BEGIN

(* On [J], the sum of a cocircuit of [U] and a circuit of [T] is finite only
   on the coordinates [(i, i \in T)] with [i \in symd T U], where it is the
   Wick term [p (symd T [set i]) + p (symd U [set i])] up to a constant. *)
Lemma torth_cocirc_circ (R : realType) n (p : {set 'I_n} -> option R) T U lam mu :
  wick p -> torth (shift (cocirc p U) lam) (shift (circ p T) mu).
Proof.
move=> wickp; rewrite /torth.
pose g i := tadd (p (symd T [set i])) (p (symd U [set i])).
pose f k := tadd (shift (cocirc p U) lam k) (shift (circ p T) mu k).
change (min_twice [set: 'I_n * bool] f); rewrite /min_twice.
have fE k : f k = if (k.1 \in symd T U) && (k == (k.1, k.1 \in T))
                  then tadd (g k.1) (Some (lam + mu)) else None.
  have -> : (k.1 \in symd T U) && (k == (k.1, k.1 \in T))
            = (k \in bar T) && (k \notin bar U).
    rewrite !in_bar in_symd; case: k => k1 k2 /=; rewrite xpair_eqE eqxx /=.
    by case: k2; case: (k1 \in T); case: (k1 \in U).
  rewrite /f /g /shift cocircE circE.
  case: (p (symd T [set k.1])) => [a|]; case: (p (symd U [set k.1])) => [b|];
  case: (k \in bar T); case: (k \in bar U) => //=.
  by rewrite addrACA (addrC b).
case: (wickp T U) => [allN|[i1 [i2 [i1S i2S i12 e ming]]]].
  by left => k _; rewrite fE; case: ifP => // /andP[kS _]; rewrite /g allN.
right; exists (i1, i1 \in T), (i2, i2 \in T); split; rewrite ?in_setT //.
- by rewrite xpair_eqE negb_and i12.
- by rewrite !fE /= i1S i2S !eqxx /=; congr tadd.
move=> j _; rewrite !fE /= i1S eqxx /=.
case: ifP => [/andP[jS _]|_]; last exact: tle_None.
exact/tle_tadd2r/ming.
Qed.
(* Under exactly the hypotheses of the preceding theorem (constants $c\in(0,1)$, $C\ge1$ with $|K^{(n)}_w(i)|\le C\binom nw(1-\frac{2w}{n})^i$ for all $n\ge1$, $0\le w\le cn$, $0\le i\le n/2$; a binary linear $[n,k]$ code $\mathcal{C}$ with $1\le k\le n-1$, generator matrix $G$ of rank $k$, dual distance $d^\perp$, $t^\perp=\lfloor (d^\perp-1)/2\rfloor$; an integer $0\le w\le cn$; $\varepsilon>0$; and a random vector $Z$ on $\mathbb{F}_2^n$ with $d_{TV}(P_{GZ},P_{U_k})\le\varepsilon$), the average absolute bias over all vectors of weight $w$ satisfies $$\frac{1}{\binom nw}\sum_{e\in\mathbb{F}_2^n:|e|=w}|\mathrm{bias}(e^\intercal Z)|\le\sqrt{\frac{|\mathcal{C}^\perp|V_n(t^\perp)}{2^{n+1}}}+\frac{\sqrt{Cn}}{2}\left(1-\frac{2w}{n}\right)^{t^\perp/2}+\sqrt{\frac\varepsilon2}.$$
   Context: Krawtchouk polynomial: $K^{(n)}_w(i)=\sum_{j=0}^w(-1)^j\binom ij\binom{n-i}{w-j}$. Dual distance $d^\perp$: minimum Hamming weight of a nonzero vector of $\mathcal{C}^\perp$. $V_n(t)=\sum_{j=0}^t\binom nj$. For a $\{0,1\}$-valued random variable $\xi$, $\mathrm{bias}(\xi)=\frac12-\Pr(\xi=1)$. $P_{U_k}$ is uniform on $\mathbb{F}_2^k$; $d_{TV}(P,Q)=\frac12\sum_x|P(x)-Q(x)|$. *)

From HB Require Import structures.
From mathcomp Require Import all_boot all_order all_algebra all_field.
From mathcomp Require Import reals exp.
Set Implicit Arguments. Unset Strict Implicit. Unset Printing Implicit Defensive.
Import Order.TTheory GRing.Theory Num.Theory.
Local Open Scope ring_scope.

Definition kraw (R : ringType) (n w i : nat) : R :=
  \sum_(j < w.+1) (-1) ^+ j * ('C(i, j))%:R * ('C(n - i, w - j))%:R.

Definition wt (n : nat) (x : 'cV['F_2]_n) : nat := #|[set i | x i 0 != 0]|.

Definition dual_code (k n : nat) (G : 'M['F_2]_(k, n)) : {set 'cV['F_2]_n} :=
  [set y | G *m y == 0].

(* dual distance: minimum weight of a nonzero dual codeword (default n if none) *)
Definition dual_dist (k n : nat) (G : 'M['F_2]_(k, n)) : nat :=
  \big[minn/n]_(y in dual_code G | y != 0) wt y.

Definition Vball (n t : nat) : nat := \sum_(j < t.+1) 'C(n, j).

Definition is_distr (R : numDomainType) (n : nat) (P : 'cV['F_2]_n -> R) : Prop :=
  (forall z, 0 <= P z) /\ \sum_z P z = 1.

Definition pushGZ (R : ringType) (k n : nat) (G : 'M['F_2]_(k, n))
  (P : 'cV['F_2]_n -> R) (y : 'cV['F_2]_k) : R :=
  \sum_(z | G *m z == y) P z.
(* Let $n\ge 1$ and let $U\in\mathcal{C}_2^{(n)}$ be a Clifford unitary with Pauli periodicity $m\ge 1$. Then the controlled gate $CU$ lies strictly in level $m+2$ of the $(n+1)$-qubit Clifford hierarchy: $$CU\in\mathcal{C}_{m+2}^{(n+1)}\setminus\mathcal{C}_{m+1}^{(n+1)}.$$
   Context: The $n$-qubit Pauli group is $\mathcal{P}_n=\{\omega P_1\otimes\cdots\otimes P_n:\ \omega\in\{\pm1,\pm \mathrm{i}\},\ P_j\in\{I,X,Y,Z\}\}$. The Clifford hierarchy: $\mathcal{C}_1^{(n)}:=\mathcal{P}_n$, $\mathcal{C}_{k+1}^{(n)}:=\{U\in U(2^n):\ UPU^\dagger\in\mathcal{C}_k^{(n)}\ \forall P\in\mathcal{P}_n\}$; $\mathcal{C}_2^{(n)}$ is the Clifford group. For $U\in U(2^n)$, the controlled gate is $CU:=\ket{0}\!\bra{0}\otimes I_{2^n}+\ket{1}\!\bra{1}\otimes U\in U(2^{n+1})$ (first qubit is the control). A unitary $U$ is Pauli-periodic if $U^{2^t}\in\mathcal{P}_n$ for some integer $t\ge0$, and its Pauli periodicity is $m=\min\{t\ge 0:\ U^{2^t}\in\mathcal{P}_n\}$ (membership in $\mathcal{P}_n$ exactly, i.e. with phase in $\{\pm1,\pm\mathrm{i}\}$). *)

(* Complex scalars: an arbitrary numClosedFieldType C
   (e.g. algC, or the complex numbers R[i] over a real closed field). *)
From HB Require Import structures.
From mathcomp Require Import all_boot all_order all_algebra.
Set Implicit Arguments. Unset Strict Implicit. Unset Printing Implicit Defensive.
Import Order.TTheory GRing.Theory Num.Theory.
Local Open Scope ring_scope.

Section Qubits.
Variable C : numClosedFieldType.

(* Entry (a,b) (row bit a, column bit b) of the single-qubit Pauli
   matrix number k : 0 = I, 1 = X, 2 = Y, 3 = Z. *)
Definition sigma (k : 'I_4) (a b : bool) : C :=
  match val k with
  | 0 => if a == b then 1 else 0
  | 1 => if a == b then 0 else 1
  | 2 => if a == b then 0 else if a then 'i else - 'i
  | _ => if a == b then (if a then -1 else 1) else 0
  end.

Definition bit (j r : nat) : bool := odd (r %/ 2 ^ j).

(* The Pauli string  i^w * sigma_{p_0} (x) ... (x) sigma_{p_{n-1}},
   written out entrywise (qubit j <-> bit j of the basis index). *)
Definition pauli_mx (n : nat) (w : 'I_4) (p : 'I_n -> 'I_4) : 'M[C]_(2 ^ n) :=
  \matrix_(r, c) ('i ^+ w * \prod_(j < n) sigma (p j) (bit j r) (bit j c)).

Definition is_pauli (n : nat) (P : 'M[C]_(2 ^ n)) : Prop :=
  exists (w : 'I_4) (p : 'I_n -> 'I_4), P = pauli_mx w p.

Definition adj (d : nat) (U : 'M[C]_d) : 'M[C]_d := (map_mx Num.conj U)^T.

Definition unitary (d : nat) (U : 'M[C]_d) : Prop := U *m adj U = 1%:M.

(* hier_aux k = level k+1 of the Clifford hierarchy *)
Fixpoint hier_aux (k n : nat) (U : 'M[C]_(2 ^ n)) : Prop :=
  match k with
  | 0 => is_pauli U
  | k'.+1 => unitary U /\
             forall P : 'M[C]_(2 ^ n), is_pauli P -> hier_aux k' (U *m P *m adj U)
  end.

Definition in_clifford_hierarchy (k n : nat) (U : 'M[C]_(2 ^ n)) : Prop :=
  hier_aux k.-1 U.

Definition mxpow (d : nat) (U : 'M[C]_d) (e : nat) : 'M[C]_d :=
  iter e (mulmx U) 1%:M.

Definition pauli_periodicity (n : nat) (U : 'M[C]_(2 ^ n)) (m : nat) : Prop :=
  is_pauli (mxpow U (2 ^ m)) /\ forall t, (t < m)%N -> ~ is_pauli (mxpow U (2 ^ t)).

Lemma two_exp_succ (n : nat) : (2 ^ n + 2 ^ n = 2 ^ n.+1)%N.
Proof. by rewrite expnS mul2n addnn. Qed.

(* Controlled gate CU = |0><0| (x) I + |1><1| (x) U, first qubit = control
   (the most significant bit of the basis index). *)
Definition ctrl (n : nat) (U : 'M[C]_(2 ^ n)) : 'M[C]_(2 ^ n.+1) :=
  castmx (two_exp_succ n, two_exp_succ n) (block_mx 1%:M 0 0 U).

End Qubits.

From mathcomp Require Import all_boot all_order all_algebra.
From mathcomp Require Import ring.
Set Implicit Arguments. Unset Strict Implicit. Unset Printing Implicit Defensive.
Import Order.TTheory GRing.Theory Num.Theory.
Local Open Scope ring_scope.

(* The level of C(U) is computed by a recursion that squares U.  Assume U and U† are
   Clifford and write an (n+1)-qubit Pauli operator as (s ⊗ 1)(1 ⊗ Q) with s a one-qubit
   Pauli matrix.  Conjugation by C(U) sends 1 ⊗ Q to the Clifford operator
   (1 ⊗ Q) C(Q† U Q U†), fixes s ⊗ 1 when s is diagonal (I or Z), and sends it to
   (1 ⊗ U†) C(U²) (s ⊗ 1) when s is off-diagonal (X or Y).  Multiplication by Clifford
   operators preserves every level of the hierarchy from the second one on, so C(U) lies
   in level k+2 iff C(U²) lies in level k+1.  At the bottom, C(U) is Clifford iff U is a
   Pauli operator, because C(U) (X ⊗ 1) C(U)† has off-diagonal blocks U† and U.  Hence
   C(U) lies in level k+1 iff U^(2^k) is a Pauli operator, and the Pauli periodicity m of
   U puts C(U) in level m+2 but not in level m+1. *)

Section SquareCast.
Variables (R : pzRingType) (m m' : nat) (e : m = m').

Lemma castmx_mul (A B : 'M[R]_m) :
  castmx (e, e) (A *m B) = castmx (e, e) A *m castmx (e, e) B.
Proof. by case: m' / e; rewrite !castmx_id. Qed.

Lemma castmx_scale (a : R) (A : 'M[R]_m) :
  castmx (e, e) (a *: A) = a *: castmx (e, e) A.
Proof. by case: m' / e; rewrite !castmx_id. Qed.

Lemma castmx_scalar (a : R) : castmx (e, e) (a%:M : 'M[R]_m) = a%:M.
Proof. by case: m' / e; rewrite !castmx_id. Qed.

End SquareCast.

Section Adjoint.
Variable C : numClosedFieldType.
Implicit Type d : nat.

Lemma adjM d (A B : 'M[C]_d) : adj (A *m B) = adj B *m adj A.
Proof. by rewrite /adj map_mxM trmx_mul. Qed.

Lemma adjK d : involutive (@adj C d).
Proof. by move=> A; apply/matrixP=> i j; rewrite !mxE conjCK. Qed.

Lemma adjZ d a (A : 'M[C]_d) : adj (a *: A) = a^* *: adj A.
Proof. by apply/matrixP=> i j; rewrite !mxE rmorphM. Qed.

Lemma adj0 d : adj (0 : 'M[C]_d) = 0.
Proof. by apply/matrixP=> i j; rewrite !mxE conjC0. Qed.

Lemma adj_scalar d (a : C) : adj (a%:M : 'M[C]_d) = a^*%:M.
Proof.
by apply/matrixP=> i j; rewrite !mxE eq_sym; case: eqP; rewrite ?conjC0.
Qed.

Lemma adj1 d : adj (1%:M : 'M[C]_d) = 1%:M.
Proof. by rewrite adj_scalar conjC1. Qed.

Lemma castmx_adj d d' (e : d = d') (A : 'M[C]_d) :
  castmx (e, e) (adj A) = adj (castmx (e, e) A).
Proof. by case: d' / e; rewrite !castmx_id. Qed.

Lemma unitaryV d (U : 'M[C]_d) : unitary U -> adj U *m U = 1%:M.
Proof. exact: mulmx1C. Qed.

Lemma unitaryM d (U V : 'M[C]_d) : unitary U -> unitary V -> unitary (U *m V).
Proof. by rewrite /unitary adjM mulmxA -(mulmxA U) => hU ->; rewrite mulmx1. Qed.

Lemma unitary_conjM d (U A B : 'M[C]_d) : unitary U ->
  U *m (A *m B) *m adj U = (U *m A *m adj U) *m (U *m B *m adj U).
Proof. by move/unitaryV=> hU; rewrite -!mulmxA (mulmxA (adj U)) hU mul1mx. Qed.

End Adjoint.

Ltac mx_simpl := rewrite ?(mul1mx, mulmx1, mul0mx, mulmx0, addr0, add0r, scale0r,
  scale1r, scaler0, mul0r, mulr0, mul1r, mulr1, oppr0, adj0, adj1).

END

• _Exercise directions_
All that is needed is the exact run of lines above from the line containing "is_pauli (mxpow U (2 ^ m))" through the line containing "Lemma castmx_mul (A", both of them included.

• _Final answer_
  is_pauli (mxpow U (2 ^ m)) /\ forall t, (t < m)%N -> ~ is_pauli (mxpow U (2 ^ t)).

Lemma two_exp_succ (n : nat) : (2 ^ n + 2 ^ n = 2 ^ n.+1)%N.
Proof. by rewrite expnS mul2n addnn. Qed.

(* Controlled gate CU = |0><0| (x) I + |1><1| (x) U, first qubit = control
   (the most significant bit of the basis index). *)
Definition ctrl (n : nat) (U : 'M[C]_(2 ^ n)) : 'M[C]_(2 ^ n.+1) :=
  castmx (two_exp_succ n, two_exp_succ n) (block_mx 1%:M 0 0 U).

End Qubits.

From mathcomp Require Import all_boot all_order all_algebra.
From mathcomp Require Import ring.
Set Implicit Arguments. Unset Strict Implicit. Unset Printing Implicit Defensive.
Import Order.TTheory GRing.Theory Num.Theory.
Local Open Scope ring_scope.

(* The level of C(U) is computed by a recursion that squares U.  Assume U and U† are
   Clifford and write an (n+1)-qubit Pauli operator as (s ⊗ 1)(1 ⊗ Q) with s a one-qubit
   Pauli matrix.  Conjugation by C(U) sends 1 ⊗ Q to the Clifford operator
   (1 ⊗ Q) C(Q† U Q U†), fixes s ⊗ 1 when s is diagonal (I or Z), and sends it to
   (1 ⊗ U†) C(U²) (s ⊗ 1) when s is off-diagonal (X or Y).  Multiplication by Clifford
   operators preserves every level of the hierarchy from the second one on, so C(U) lies
   in level k+2 iff C(U²) lies in level k+1.  At the bottom, C(U) is Clifford iff U is a
   Pauli operator, because C(U) (X ⊗ 1) C(U)† has off-diagonal blocks U† and U.  Hence
   C(U) lies in level k+1 iff U^(2^k) is a Pauli operator, and the Pauli periodicity m of
   U puts C(U) in level m+2 but not in level m+1. *)

Section SquareCast.
Variables (R : pzRingType) (m m' : nat) (e : m = m').

Lemma castmx_mul (A B : 'M[R]_m) :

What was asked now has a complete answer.